Collect all lines from the records below that include the word "Section".

──────── EXTRACTED DATA ────────

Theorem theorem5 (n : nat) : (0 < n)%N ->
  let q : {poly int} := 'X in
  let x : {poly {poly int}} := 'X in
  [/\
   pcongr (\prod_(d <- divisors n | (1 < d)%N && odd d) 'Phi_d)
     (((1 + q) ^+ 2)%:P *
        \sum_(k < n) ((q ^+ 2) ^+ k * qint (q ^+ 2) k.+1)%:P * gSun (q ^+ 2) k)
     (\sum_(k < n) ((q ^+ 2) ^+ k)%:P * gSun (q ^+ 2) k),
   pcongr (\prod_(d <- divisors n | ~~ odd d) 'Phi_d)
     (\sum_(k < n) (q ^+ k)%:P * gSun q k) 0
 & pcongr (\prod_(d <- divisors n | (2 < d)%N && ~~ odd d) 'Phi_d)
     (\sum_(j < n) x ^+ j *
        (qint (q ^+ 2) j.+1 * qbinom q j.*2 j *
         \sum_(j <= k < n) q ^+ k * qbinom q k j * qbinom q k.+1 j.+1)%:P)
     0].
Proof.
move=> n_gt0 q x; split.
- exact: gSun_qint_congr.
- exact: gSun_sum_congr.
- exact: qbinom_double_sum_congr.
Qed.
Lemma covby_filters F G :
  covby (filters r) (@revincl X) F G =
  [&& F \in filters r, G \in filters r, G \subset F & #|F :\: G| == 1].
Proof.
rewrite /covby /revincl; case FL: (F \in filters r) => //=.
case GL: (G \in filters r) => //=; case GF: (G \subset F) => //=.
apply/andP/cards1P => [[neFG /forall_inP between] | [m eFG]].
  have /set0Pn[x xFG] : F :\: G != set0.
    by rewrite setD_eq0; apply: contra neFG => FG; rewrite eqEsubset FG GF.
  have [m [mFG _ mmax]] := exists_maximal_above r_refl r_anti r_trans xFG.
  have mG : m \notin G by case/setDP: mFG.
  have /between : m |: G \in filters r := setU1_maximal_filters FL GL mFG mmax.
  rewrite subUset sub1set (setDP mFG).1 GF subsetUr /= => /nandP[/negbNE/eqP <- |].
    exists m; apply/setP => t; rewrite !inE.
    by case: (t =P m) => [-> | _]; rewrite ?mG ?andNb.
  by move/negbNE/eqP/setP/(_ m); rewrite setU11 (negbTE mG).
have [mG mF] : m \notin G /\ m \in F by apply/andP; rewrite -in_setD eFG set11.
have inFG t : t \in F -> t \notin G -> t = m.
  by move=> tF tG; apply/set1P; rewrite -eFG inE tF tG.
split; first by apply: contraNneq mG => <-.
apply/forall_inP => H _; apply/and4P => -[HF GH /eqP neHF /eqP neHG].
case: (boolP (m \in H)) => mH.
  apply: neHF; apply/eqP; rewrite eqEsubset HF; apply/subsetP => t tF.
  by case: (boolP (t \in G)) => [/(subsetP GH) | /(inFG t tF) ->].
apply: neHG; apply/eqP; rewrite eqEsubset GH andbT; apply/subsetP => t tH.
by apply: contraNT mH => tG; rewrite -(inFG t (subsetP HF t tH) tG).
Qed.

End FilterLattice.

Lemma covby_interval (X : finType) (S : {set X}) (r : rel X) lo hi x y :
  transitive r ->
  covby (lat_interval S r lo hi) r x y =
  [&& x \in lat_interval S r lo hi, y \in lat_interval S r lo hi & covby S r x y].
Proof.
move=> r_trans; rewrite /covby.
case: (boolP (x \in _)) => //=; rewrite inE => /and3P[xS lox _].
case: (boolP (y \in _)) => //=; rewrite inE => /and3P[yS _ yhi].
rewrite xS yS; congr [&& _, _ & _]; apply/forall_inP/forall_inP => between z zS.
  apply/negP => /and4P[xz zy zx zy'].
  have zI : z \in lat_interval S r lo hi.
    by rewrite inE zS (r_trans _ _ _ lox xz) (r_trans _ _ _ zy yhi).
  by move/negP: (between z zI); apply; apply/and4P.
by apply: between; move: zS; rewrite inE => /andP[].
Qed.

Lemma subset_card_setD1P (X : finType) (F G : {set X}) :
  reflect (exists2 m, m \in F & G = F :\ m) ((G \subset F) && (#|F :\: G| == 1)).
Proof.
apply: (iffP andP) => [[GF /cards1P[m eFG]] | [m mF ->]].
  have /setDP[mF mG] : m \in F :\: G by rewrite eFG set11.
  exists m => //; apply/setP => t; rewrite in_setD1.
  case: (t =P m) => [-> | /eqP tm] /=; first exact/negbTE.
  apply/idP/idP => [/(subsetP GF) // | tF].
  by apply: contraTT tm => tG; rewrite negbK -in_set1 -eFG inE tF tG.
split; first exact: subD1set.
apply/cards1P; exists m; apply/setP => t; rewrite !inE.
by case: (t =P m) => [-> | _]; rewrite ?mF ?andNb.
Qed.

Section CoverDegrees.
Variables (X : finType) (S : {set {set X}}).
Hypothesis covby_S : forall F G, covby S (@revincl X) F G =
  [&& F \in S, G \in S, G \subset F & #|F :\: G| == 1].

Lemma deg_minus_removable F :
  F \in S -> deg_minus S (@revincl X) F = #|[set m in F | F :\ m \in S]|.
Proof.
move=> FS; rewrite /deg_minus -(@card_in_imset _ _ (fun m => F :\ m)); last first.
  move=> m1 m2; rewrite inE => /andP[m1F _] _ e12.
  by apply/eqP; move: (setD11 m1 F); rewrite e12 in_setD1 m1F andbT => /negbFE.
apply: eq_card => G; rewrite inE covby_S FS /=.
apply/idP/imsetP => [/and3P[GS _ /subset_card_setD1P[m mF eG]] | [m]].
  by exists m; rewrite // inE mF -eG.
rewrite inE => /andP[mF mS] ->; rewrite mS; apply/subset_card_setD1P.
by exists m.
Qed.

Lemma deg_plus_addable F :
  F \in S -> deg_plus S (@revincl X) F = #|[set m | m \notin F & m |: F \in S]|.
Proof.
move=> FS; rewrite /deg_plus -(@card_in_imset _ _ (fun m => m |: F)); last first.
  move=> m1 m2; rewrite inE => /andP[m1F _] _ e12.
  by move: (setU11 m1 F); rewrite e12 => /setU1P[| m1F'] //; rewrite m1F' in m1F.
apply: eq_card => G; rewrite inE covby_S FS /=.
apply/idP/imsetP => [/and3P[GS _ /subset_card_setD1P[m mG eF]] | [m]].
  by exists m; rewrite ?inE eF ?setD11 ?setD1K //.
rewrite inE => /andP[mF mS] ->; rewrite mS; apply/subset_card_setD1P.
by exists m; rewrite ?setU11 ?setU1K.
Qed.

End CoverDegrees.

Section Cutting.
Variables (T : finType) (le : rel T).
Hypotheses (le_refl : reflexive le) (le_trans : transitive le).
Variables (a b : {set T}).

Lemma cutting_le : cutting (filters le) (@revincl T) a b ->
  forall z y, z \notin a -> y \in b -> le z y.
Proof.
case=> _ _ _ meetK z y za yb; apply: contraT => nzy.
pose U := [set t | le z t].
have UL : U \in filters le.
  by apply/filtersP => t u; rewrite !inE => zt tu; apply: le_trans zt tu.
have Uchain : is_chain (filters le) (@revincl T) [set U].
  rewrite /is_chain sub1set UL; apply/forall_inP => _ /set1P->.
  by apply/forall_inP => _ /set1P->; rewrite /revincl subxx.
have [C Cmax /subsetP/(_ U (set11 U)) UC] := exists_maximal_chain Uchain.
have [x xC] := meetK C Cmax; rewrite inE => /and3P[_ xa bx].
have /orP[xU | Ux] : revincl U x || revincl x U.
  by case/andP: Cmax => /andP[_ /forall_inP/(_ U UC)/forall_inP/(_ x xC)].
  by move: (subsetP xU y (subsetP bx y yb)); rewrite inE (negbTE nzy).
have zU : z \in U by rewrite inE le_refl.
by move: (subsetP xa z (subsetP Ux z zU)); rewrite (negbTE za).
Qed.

────────

RESPONSE TO THE EXERCISE |
Section CoverDegrees.
Section Cutting.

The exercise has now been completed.